» **Problem to solve**
Go through the listing and copy each line that has the string "Gibbs" in it.

» **Information**
(* Let $q\geq3$, $\Delta\geq3$ and $0\leq B<\frac{\Delta-q}{\Delta}$. For the antiferromagnetic $q$-state Potts model with parameter $B$, the global maximum of $\Psi_1$ is not achieved at the translation invariant fixpoint, i.e., not at $\boldsymbol{\alpha}=\boldsymbol{\beta}=(1/q,\dots,1/q)$.
   Context: The Potts model with parameter $B$ has interaction matrix $\mathbf{B}$ with diagonal entries $B$ and off-diagonal entries $1$. $\Psi_1$ is defined on pairs of probability vectors by $\Psi_1(\boldsymbol{\alpha},\boldsymbol{\beta})=\max_{\mathbf{x}}[(\Delta-1)(\sum_i\alpha_i\ln\alpha_i+\sum_j\beta_j\ln\beta_j)+\Delta\sum_{i,j}x_{ij}(\ln B_{ij}-\ln x_{ij})]$ over nonnegative $\mathbf{x}\in\mathbb{R}^{q\times q}$ with row sums $\alpha_i$ and column sums $\beta_j$ (conventions $\ln0=-\infty$, $0\ln0=0$); it is the exponential growth rate of the expected weight of configurations with spin frequencies $\boldsymbol{\alpha},\boldsymbol{\beta}$ on the two sides of a random $\Delta$-regular bipartite graph. The translation invariant fixpoint of the Potts tree recursions $R_i\propto(BC_i+\sum_{j\neq i}C_j)^{\Delta-1}$, $C_j\propto(BR_j+\sum_{i\neq j}R_i)^{\Delta-1}$ is the one with all $R_i$ equal and all $C_j$ equal, corresponding to $\boldsymbol{\alpha}=\boldsymbol{\beta}=(1/q,\dots,1/q)$. *)

From mathcomp Require Import all_boot all_order all_algebra.
From mathcomp Require Import all_classical all_reals all_analysis.
Set Implicit Arguments. Unset Strict Implicit. Unset Printing Implicit Defensive.
Import Order.TTheory GRing.Theory Num.Theory.
Local Open Scope ring_scope.
Local Open Scope classical_set_scope.

Section Potts.
Variable R : realType.

Definition potts_mx (q : nat) (B : R) : 'M[R]_q :=
  \matrix_(i, j) if i == j then B else 1.

Definition is_prob (q : nat) (a : 'I_q -> R) : Prop :=
  (forall i, 0 <= a i) /\ \sum_i a i = 1.

Definition unif (q : nat) : 'I_q -> R := fun _ => (q%:R)^-1.

Definition couplings (q : nat) (a b : 'I_q -> R) : set 'M[R]_q :=
  [set x | (forall i j, 0 <= x i j) /\ (forall i, \sum_j x i j = a i)
                                    /\ (forall j, \sum_i x i j = b j)].

Definition xlog_term (b x : R) : \bar R :=
  if x == 0 then 0%E
  else if b == 0 then -oo%E
  else (x * (ln b - ln x))%:E.

Definition negent (q : nat) (a : 'I_q -> R) : R :=
  \sum_i (if a i == 0 then 0 else a i * ln (a i)).

Definition Psi1_obj (q Delta : nat) (B : R) (a b : 'I_q -> R) (x : 'M[R]_q)
  : \bar R :=
  (((Delta%:R - 1) * (negent a + negent b))%:E
   + (Delta%:R)%:E * \sum_i \sum_j xlog_term (potts_mx q B i j) (x i j))%E.

Definition Psi1 (q Delta : nat) (B : R) (a b : 'I_q -> R) : \bar R :=
  ereal_sup [set Psi1_obj Delta B a b x | x in couplings a b].

End Potts.

(** The uniform point is not even a local maximum.  Perturb the marginals to
    [(1 + e s_i)/q] and [(1 - e s_i)/q] with [sum s = 0], and couple them by
    [x_ij = B_ij (1 + e (Z/q) (s_i - s_j)) / (q Z)], where [Z = q - 1 + B] is the
    common row sum of the Potts matrix.  At the uniform point Gibbs' inequality
    gives [Psi_1 = -2 (Delta - 1) ln q + Delta ln (q Z)].  The bounds
    [(t-1)^2/(2(1+e)) <= t ln t - (t-1) <= (t-1)^2/(2(1-e))] on [[1-e, 1+e]] show
    that the perturbation gains about [(Delta - 1) e^2 |s|^2 / q] in entropy and
    loses at most about [Delta Z e^2 |s|^2 / q^2] in the coupling term; the gain
    wins for small [e] exactly when [q (Delta - 1) > Delta Z], i.e. when
    [B < (Delta - q) / Delta]. *)

From mathcomp Require Import all_boot all_order all_algebra.
From mathcomp Require Import all_classical all_reals all_analysis.
From mathcomp Require Import ring lra.
Import Order.TTheory GRing.Theory Num.Theory.
Import numFieldNormedType.Exports.
Local Open Scope ring_scope.

Section LnBounds.
Context {R : realType}.
Implicit Types e k t : R.

Lemma ln_le_subr1 t : 0 < t -> ln t <= t - 1.
Proof. by move=> t0; have := @le_ln1Dx R (t - 1); rewrite [1 + _]addrC subrK; apply; lra. Qed.

Lemma divr_subr1_le_ln t : 0 < t -> (t - 1) / t <= ln t.
Proof.
move=> t0; have := @ln_le_subr1 t^-1; rewrite invr_gt0 => /(_ t0).
by rewrite lnV ?posrE // mulrBl mulfV ?gt_eqF // mul1r; lra.
Qed.

Lemma min_at1_derive_sign (f df : R -> R) (a b : R) : 0 < a ->
  (forall t, 0 < t -> is_derive t 1 f (df t)) ->
  (forall t, a <= t <= 1 -> df t <= 0) -> (forall t, 1 <= t <= b -> 0 <= df t) ->
  forall t, a <= t <= b -> f 1 <= f t.
Proof.
move=> a0 hd hneg hpos t /andP[ta tb].
have cont u v : 0 < u -> {within [set` (`[u, v]%R : interval R)], continuous f}%classic.
  move=> u0; apply: derivable_within_continuous => x.
  rewrite in_itv /= => /andP[ux _]; apply: ex_derive; apply: hd.
  exact: lt_le_trans u0 ux.
have [t1|t1] := leP 1 t.
  have [c|c cin E] := @MVT_segment R f df 1 t t1 _ (cont 1 t ltr01).
    by rewrite in_itv /= => /andP[c1 _]; apply: hd; exact: lt_trans ltr01 c1.
  move: cin; rewrite in_itv /= => /andP[c1 ct].
  by rewrite -subr_ge0 E mulr_ge0 ?subr_ge0 // hpos // c1 (le_trans ct).
have t0 : 0 < t by exact: lt_le_trans a0 ta.
have [c|c cin] := @MVT_segment R f df t 1 (ltW t1) _ (cont t 1 t0).
  by rewrite in_itv /= => /andP[tc _]; apply: hd; exact: lt_trans t0 tc.
move: cin; rewrite in_itv /= => /andP[tc c1] H.
rewrite -subr_ge0 -opprB H oppr_ge0 mulr_le0_ge0 ?subr_ge0 ?(ltW t1) // hneg //.
by rewrite c1 (le_trans ta).
Qed.

Definition xlnx_quad_gap k t := t * ln t - (t - 1) - (t - 1) ^+ 2 / (2 * k).

Lemma is_derive_xlnx_quad_gap k t : 0 < t -> k != 0 ->
  is_derive t 1 (xlnx_quad_gap k) (ln t - (t - 1) / k).
Proof.
move=> t0 k0; have := is_derive1_ln t0 => ?; apply: is_derive_eq.
by rewrite /GRing.scale /=; field; rewrite k0 gt_eqF.
Qed.

Lemma xlnx_quad_gap1 k : xlnx_quad_gap k 1 = 0.
Proof. by rewrite /xlnx_quad_gap ln1 subrr expr0n /=; lra. Qed.

Lemma xlnx_ge_quad e t : 0 <= e < 1 -> 1 - e <= t <= 1 + e ->
  (t - 1) + (t - 1) ^+ 2 / (2 * (1 + e)) <= t * ln t.
Proof.
move=> /andP[e0 e1] te; have k0 : 1 + e != 0 by rewrite gt_eqF //; lra.
suff : 0 <= xlnx_quad_gap (1 + e) t by rewrite /xlnx_quad_gap; lra.
rewrite -(xlnx_quad_gap1 (1 + e)).
apply: (@min_at1_derive_sign _ _ (1 - e) (1 + e) _
  (fun u u0 => is_derive_xlnx_quad_gap _ _ u0 k0) _ _ t te).
- lra.
- move=> u /andP[u1 u2]; have := @ln_le_subr1 u.
  have : u - 1 <= (u - 1) / (1 + e) by rewrite ler_pdivlMr; nra.
  lra.
- move=> u /andP[u1 u2]; have := @divr_subr1_le_ln u.
  have : (u - 1) / (1 + e) <= (u - 1) / u by apply: ler_wpM2l; rewrite ?lef_pV2 ?posrE; lra.
  lra.
Qed.

Lemma xlnx_le_quad e t : 0 <= e < 1 -> 1 - e <= t <= 1 + e ->
  t * ln t <= (t - 1) + (t - 1) ^+ 2 / (2 * (1 - e)).
Proof.
move=> /andP[e0 e1] te; have k0 : 1 - e != 0 by rewrite gt_eqF //; lra.
suff : xlnx_quad_gap (1 - e) t <= 0 by rewrite /xlnx_quad_gap; lra.
rewrite -(xlnx_quad_gap1 (1 - e)) -lerN2.
apply: (@min_at1_derive_sign (fun u => - xlnx_quad_gap (1 - e) u) _ (1 - e) (1 + e) _
  (fun u u0 => is_deriveN (is_derive_xlnx_quad_gap _ _ u0 k0)) _ _ t te).
- lra.
- move=> u /andP[u1 u2]; have := @divr_subr1_le_ln u.
  have : (u - 1) / (1 - e) <= (u - 1) / u by apply: ler_wnM2l; rewrite ?lef_pV2 ?posrE; lra.
  lra.
- move=> u /andP[u1 u2]; have := @ln_le_subr1 u.
  have : u - 1 <= (u - 1) / (1 - e) by rewrite ler_pdivlMr; nra.
  lra.
Qed.

End LnBounds.

Section Gibbs.
Context {R : realType}.
Local Open Scope ereal_scope.

Lemma xlog_term_le (b x K : R) : (0 < K)%R -> (0 <= b)%R -> (0 <= x)%R ->
  xlog_term b x <= (x * ln K + b / K - x)%:E.
Proof.
move=> K0 b0 x0; rewrite /xlog_term.
have [->|xn0] := eqVneq x 0%R.
  by rewrite lee_fin mul0r add0r subr0 divr_ge0 // ltW.
have [->|bn0] := eqVneq b 0%R; first by rewrite leNye.
have xp : (0 < x)%R by rewrite lt_def xn0.
have bp : (0 < b)%R by rewrite lt_def bn0.
have w0 : (0 < b / (x * K))%R by rewrite divr_gt0 // mulr_gt0.
have := ler_wpM2l (ltW xp) (ln_le_subr1 _ w0).
rewrite ln_div ?posrE ?mulr_gt0 // lnM ?posrE // lee_fin.
have -> : (x * (b / (x * K) - 1) = b / K - x)%R by field; rewrite !gt_eqF.
by rewrite !mulrDr !mulrN; lra.
Qed.

Lemma xlog_term_scaled (b y K : R) : (0 < K)%R -> (0 <= b)%R -> (0 < y)%R ->
  xlog_term b (b * y / K) = (b / K * (y * ln K - y * ln y))%:E.
Proof.
move=> K0 b0 y0; rewrite /xlog_term.
have [->|bn0] := eqVneq b 0%R; first by rewrite !mul0r eqxx.
have bp : (0 < b)%R by rewrite lt_def bn0.
rewrite gt_eqF ?divr_gt0 ?mulr_gt0 // ln_div ?posrE ?mulr_gt0 // lnM ?posrE //.
by congr (_%:E); field; rewrite gt_eqF.
Qed.

End Gibbs.

Section PottsSums.
Context {R : realType} {q : nat}.
Variable B : R.
Implicit Types (i j : 'I_q) (f : 'I_q -> R).

Lemma potts_mx_ge0 i j : 0 <= B -> 0 <= potts_mx q B i j.
Proof. by rewrite mxE; case: eqP. Qed.

Lemma potts_mx_sym i j : potts_mx q B i j = potts_mx q B j i.
Proof. by rewrite !mxE eq_sym. Qed.

Lemma sum_potts_row i f :
  \sum_j potts_mx q B i j * f j = \sum_j f j + (B - 1) * f i.
Proof.
rewrite (bigD1 i) //= [in RHS](bigD1 i) //= mxE eqxx.
rewrite (eq_bigr f) => [|j ji]; last by rewrite mxE eq_sym (negbTE ji) mul1r.
ring.
Qed.

Lemma sum_potts_col j f :
  \sum_i potts_mx q B i j * f i = \sum_i f i + (B - 1) * f j.
Proof.
rewrite -sum_potts_row; apply: eq_bigr => i _; by rewrite potts_mx_sym.
Qed.

(* The diagonal of the Potts matrix is where [s i - s j] vanishes. *)
Lemma sum_potts_diff (g : R -> R) (s : 'I_q -> R) :
  \sum_i \sum_j potts_mx q B i j * g (s i - s j) =
  \sum_i \sum_j g (s i - s j) + (B - 1) * q%:R * g 0.
Proof.
under eq_bigr => i _ do rewrite (sum_potts_row i (fun j => g (s i - s j))) subrr.
by rewrite big_split /= sumr_const card_ord [_ * _ * g 0]mulrAC mulr_natr.
Qed.

Lemma sum_potts_mx : \sum_i \sum_j potts_mx q B i j = q%:R * (q%:R - 1 + B).
Proof.
have := sum_potts_diff (fun=> 1) (fun=> 0).
under eq_bigr do under eq_bigr do rewrite mulr1.
move=> ->; rewrite !sumr_const !card_ord -mulr_natr; ring.
Qed.

End PottsSums.

Section DiffSums.
Context {R : realType} {q : nat}.
Implicit Type s : 'I_q -> R.

Lemma sum_diff_eq0 s : \sum_i \sum_j (s i - s j) = 0.
Proof. by under eq_bigr do rewrite sumrB; rewrite sumrB exchange_big subrr. Qed.

Lemma sum_sqr_diff s :
  \sum_i \sum_j (s i - s j) ^+ 2 = 2 * (q%:R * \sum_i s i ^+ 2 - (\sum_i s i) ^+ 2).
Proof.
have E i j : (s i - s j) ^+ 2 = s i ^+ 2 + s j ^+ 2 - 2 * (s i * s j) by ring.
under eq_bigr => i _ do under eq_bigr => j _ do rewrite E.
under eq_bigr => i _ do
  rewrite sumrB big_split /= sumr_const card_ord -mulr_sumr -mulr_sumr.
rewrite sumrB big_split /= sumr_const card_ord sumrMnl -mulr_sumr -mulr_suml.
ring.
Qed.

End DiffSums.

Section Entropy.
Context {R : realType}.

Lemma negent_div q (w : 'I_q -> R) : (0 < q)%N ->
  (forall i, 0 < w i) -> \sum_i w i = q%:R ->
  negent (fun i => w i / q%:R) = (\sum_i w i * ln (w i)) / q%:R - ln q%:R.
Proof.
move=> q0 w0 sw; have qp : 0 < q%:R :> R by rewrite ltr0n.
rewrite /negent (eq_bigr (fun i => (w i * ln (w i) - w i * ln q%:R) / q%:R)).
  by rewrite -mulr_suml sumrB -mulr_suml sw; field; rewrite gt_eqF.
by move=> i _; rewrite gt_eqF ?divr_gt0 // ln_div ?posrE //; field; rewrite gt_eqF.
Qed.

Lemma negent_unif q : (0 < q)%N -> negent (@unif R q) = - ln q%:R.
Proof.
move=> q0; have := @negent_div q (fun=> 1) q0 (fun=> ltr01).
rewrite sumr_const card_ord => /(_ erefl).
by rewrite ln1 mulr0 big1 // mul0r sub0r div1r.
Qed.

Local Open Scope ereal_scope.

(* Gibbs' inequality: the sum is maximal at the coupling proportional to the Potts matrix. *)
Lemma Psi1_le q Delta B (a b : 'I_q -> R) : (1 < q)%N -> (0 <= B)%R ->
  (\sum_i a i = 1)%R ->
  Psi1 Delta B a b <=
  ((Delta%:R - 1) * (negent a + negent b) + Delta%:R * ln (q%:R * (q%:R - 1 + B)))%:E.
Proof.
move=> q1 B0 sa; set K := (q%:R * _)%R.
have q1R : (1 < q%:R :> R)%R by rewrite ltr1n.
have K0 : (0 < K)%R by rewrite mulr_gt0 //; lra.
apply: ub_ereal_sup => _ [x [x0 [rows _]] <-].
rewrite /Psi1_obj EFinD !EFinM; apply: leeD2l.
apply: lee_wpmul2l; first by rewrite lee_fin ler0n.
apply: (@le_trans _ _ (\sum_i \sum_j (x i j * ln K + potts_mx q B i j / K - x i j)%:E)).
  by do 2!apply: lee_sum => ? _; apply: xlog_term_le; rewrite ?potts_mx_ge0.
under eq_bigr do rewrite sumEFin.
rewrite sumEFin lee_fin le_eqVlt; apply/orP; left; apply/eqP.
under eq_bigr do rewrite sumrB big_split /= -mulr_suml -mulr_suml rows.
by rewrite sumrB big_split /= -!mulr_suml sa sum_potts_mx -/K divff ?gt_eqF // mul1r addrK.
Qed.

End Entropy.

Lemma sum_unif {R : realType} q : (0 < q)%N -> \sum_i @unif R q i = 1.
Proof.
move=> q0; rewrite /unif sumr_const card_ord -(mulr_natr q%:R^-1).
by rewrite mulVf // pnatr_eq0 -lt0n.
Qed.

Section Perturbation.
Context {R : realType} {q : nat}.
Variables (B e : R) (s : 'I_q -> R).
Hypotheses (q_gt1 : (1 < q)%N) (B_ge0 : 0 <= B) (B_le1 : B <= 1).
Hypotheses (e_ge0 : 0 <= e) (e_lt1 : e < 1).
Hypotheses (s_sum0 : \sum_i s i = 0) (s_bound : forall i, -1 <= s i <= 1)
  (s_diff_bound : forall i j, -1 <= s i - s j <= 1).

(* [lra] ignores section hypotheses: they are pushed on the goal before calling it. *)

Local Notation qR := (q%:R : R).
Local Notation Z := (qR - 1 + B).
Local Notation S2 := (\sum_i s i ^+ 2).

Let qR_gt1 : 1 < qR. Proof. by rewrite ltr1n. Qed.
Let Z_gt0 : 0 < Z. Proof. by have := qR_gt1; have := B_ge0; lra. Qed.
Let K_gt0 : 0 < qR * Z. Proof. by rewrite mulr_gt0 //; have := qR_gt1; lra. Qed.

Definition pert_prob (k : R) : 'I_q -> R := fun i => (1 + k * s i) / qR.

» **Response below**
    common row sum of the Potts matrix.  At the uniform point Gibbs' inequality
Section Gibbs.
End Gibbs.
(* Gibbs' inequality: the sum is maximal at the coupling proportional to the Potts matrix. *)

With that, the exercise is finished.